Dear all, I have checked in an alternate version of the code that does topological (i.e. Daylight-like) fingerprinting. The new code uses a simpler (and a bit faster) approach to generate hashes from the subgraphs. It uses the same subgraphs as the old fingerprinter, so one would expect comparable similarities from the two approaches.
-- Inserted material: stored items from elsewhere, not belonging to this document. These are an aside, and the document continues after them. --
Lemma sum_lt_ext f g n : (forall k, f k = g k) -> sum_lt f n = sum_lt g n.
Proof. intros H. induction n; simpl; [reflexivity | rewrite IHn, H; reflexivity]. Qed.

Lemma sum_lt_plus f g n : sum_lt (fun k => f k + g k) n = sum_lt f n + sum_lt g n.
Proof. induction n; simpl; [ring | rewrite IHn; ring]. Qed.

Lemma sum_lt_minus f g n : sum_lt (fun k => f k - g k) n = sum_lt f n - sum_lt g n.
Proof. induction n; simpl; [ring | rewrite IHn; ring]. Qed.

Lemma sum_lt_scal c f n : sum_lt (fun k => c * f k) n = c * sum_lt f n.
Proof. induction n; simpl; [ring | rewrite IHn; ring]. Qed.

Lemma sum_lt_add f n m : sum_lt f (n + m) = sum_lt f n + sum_lt (fun k => f (n + k)%nat) m.
Proof.
  induction m as [|m IH]; simpl; [rewrite Nat.add_0_r; ring|].
  rewrite Nat.add_succ_r. simpl. rewrite IH. ring.
Qed.

Lemma sum_n_sum_lt (f : nat -> R) n : sum_n f n = sum_lt f (S n).
Proof. induction n; [rewrite sum_O; simpl; ring | rewrite sum_Sn, IHn; reflexivity]. Qed.

Lemma is_lim_seq_sum_lt (u : nat -> nat -> R) (l : nat -> R) m :
  (forall k, (k < m)%nat -> is_lim_seq (u k) (l k)) ->
  is_lim_seq (fun n => sum_lt (fun k => u k n) m) (sum_lt l m).
Proof.
  induction m; intros H; simpl.
  - apply is_lim_seq_const.
  - apply is_lim_seq_plus'; [apply IHm; intros; apply H; lia | apply H; lia].
Qed.

Definition lnGamma (x : R) : R := ln (Gamma x).

Lemma lnGamma_succ x : 0 < x -> lnGamma (x + 1) = lnGamma x + ln x.
Proof.
  intros Hx. unfold lnGamma. rewrite Gamma_succ, ln_mult by (try apply Gamma_pos; lra). ring.
Qed.

Lemma lnGamma_add_nat x N : 0 < x ->
  lnGamma (x + INR N) = lnGamma x + sum_lt (fun k => ln (x + INR k)) N.
Proof.
  intros Hx. induction N as [|N IH]; simpl sum_lt.
  - rewrite Rplus_0_r. ring.
  - rewrite S_INR, <- Rplus_assoc, lnGamma_succ, IH by (pose proof (pos_INR N); lra). ring.
Qed.

Lemma lnGamma_slope_le u v w : 0 < u -> u < v -> v < w ->
  (lnGamma v - lnGamma u) / (v - u) <= (lnGamma w - lnGamma v) / (w - v).
Proof.
  intros Hu Huv Hvw.
  set (th := (w - v) / (w - u)).
  assert (Hth : 0 <= th <= 1).
  { unfold th. split; [apply Rlt_le, Rdiv_lt_0_compat; lra|].
    apply Rmult_le_reg_r with (w - u); [lra|]. unfold Rdiv. rewrite Rmult_assoc, Rinv_l; lra. }
  assert (Ev : v = th * u + (1 - th) * w) by (unfold th; field; lra).
  pose proof (ln_Gamma_convex u w th Hu ltac:(lra) Hth) as H.
  rewrite <- Ev in H. fold (lnGamma u) (lnGamma v) (lnGamma w) in H.
  assert (th * (w - u) = w - v) by (unfold th; field; lra).
  assert ((1 - th) * (w - u) = v - u) by (rewrite Ev; ring).
  apply Rmult_le_reg_r with ((v - u) * (w - v)); [nra|].
  replace ((lnGamma v - lnGamma u) / (v - u) * ((v - u) * (w - v)))
    with ((lnGamma v - lnGamma u) * (w - v)) by (field; lra).
  replace ((lnGamma w - lnGamma v) / (w - v) * ((v - u) * (w - v)))
    with ((lnGamma w - lnGamma v) * (v - u)) by (field; lra).
  nra.
Qed.

(* compare with the unit chords [u - 1, u] and [v, v + 1], whose slopes are ln (u - 1) and ln v *)
Lemma lnGamma_slope_bounds u v : 1 < u -> u < v ->
  ln (u - 1) <= (lnGamma v - lnGamma u) / (v - u) <= ln v.
Proof.
  intros Hu Huv. split.
  - pose proof (lnGamma_slope_le (u - 1) u v ltac:(lra) ltac:(lra) Huv) as H.
    replace (u - (u - 1)) with 1 in H by ring.
    replace u with (u - 1 + 1) in H at 1 by ring.
    rewrite lnGamma_succ in H by lra. lra.
  - pose proof (lnGamma_slope_le u v (v + 1) ltac:(lra) Huv ltac:(lra)) as H.
    replace (v + 1 - v) with 1 in H by ring.
    rewrite lnGamma_succ in H by lra. lra.
Qed.

Lemma is_lim_seq_lnGamma_shift x : 0 < x ->
  is_lim_seq (fun n => lnGamma (INR n + x) - lnGamma (INR n) - x * ln (INR n)) 0.
Proof.
  intros Hx.
  assert (Hlim : forall c, is_lim_seq (fun n => x * (ln (INR n + c) - ln (INR n + 0))) 0).
  { intros c. replace (Finite 0) with (Rbar_mult x 0) by (simpl; f_equal; ring).
    apply is_lim_seq_scal_l, is_lim_seq_ln_shift. }
  refine (is_lim_seq_le_le_loc _ _ _ 0 _ (Hlim (-1)) (Hlim x)).
  generalize (eventually_INR_gt 2). apply filter_imp. intros n Hn.
  pose proof (lnGamma_slope_bounds (INR n) (INR n + x) ltac:(lra) ltac:(lra)) as [H1 H2].
  replace (INR n + x - INR n) with x in H1, H2 by ring.
  set (s := lnGamma (INR n + x) - lnGamma (INR n)) in *.
  replace s with (x * (s / x)) by (field; lra).
  set (r := s / x) in *. rewrite Rplus_0_r. replace (INR n + -1) with (INR n - 1) by ring.
  split; nra.
Qed.

Lemma is_lim_seq_sum_ln a b c d : 0 < a -> 0 < b -> 0 < c -> 0 < d -> c - d - a + b = 0 ->
  is_lim_seq (fun K => sum_lt (fun m => ln (c + INR m) - ln (d + INR m)
                                        - ln (a + INR m) + ln (b + INR m)) K)
    (lnGamma a + lnGamma d - lnGamma b - lnGamma c).
Proof.
  intros Ha Hb Hc Hd Habcd.
  set (e z K := lnGamma (INR K + z) - lnGamma (INR K) - z * ln (INR K)).
  apply is_lim_seq_ext with (u := fun K =>
    e c K - e d K - e a K + e b K - (lnGamma c - lnGamma d - lnGamma a + lnGamma b)).
  { intros K. rewrite sum_lt_plus, !sum_lt_minus. unfold e.
    rewrite !(Rplus_comm (INR K)), !lnGamma_add_nat by assumption.
    enough ((c - d - a + b) * ln (INR K) = 0) by lra.
    rewrite Habcd. ring. }
  replace (lnGamma a + lnGamma d - lnGamma b - lnGamma c)
    with (0 - 0 - 0 + 0 - (lnGamma c - lnGamma d - lnGamma a + lnGamma b)) by ring.
  apply is_lim_seq_minus'; [|apply is_lim_seq_const].
  apply is_lim_seq_plus'; [|apply is_lim_seq_lnGamma_shift; assumption].
  apply is_lim_seq_minus'; [|apply is_lim_seq_lnGamma_shift; assumption].
  apply is_lim_seq_minus'; apply is_lim_seq_lnGamma_shift; assumption.
Qed.
(* Let $T$ be a reducing triangulation of an oriented surface without boundary; the surface may be compact or a covering space of a compact one, in which case $T$ is the lift of a reducing triangulation. Any two reduced walks in $T$ that are homotopic (as paths with fixed endpoints) are equal.
   Context: A triangulation is an embedded graph whose faces are all open disks bounded by three edge-sides. A reducing triangulation $T$ of an oriented surface without boundary is a triangulation in which every vertex has degree at least $8$ and each triangle is colored red or blue so that adjacent triangles have different colors. It may be infinite, for instance when lifted to a covering space together with its colors. Suppose a walk traverses a directed edge $e$ into a vertex $v$ and then leaves $v$ along a directed edge $e'$. This occurrence of $v$ makes a $k$-turn ($k\ge 0$) if exactly $k$ triangles around $v$ lie to the left of the length-two walk $e\,e'$, between $e$ and $e'$ in the cyclic order around $v$. It makes a $-k$-turn ($k\ge 1$) if exactly $k$ triangles lie to its right. A turn is named by an integer in $\{-3,\dots,3\}$ when possible, which is unambiguous since degrees are at least $8$; otherwise it is named by the positive integer. A $k_b$-turn (resp. $k_r$-turn) is a $k$-turn in which the triangle to the left of $e$ is blue (resp. red). A bad turn is a $0$-turn, a $1$-turn, a $-1$-turn, a $2_r$-turn or a $-2_r$-turn. A walk $(v_0,e_0,v_1,\dots,e_{k-1},v_k)$ is reduced if none of its interior vertices $v_1,\dots,v_{k-1}$ makes a bad turn. A walk of length $0$ or $1$ is trivially reduced. *)

(* Combinatorial (dart / rotation-system) model of a
   triangulation of an oriented surface without boundary. *)
From Stdlib Require Import List Arith Relations.
Import ListNotations.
As a quick test I generated fingerprints for 500 random molecules from the pubchem hts set and computed their similarities to each other using the old fingerprints and the new ones. The scatter plot of new similarity vs old similarity is attached. The correlation is clearly linear and the scatter isn't bad. The histogram of deltas (old-new) is also pretty symmetrical, so I'm pretty happy with the new approach. The new fingerprinter is accessible from Python as Chem.RDKFingerprint2. If anyone has the chance to try the new code out, please let me know what you find. I'm going to be going through the code a few more times to tune it a bit and see if I can find any problems, but it would be very useful if someone else also tried it. I'm particularly interested in molecule pairs that show a very high (>0.9 or 0.95) similarity with one method and a lower similarity with the other (delta > 0.1), because these are the hard cases. -greg
<<attachment: delta_sim.png>>
<<attachment: rdfp_rdfp2.png>>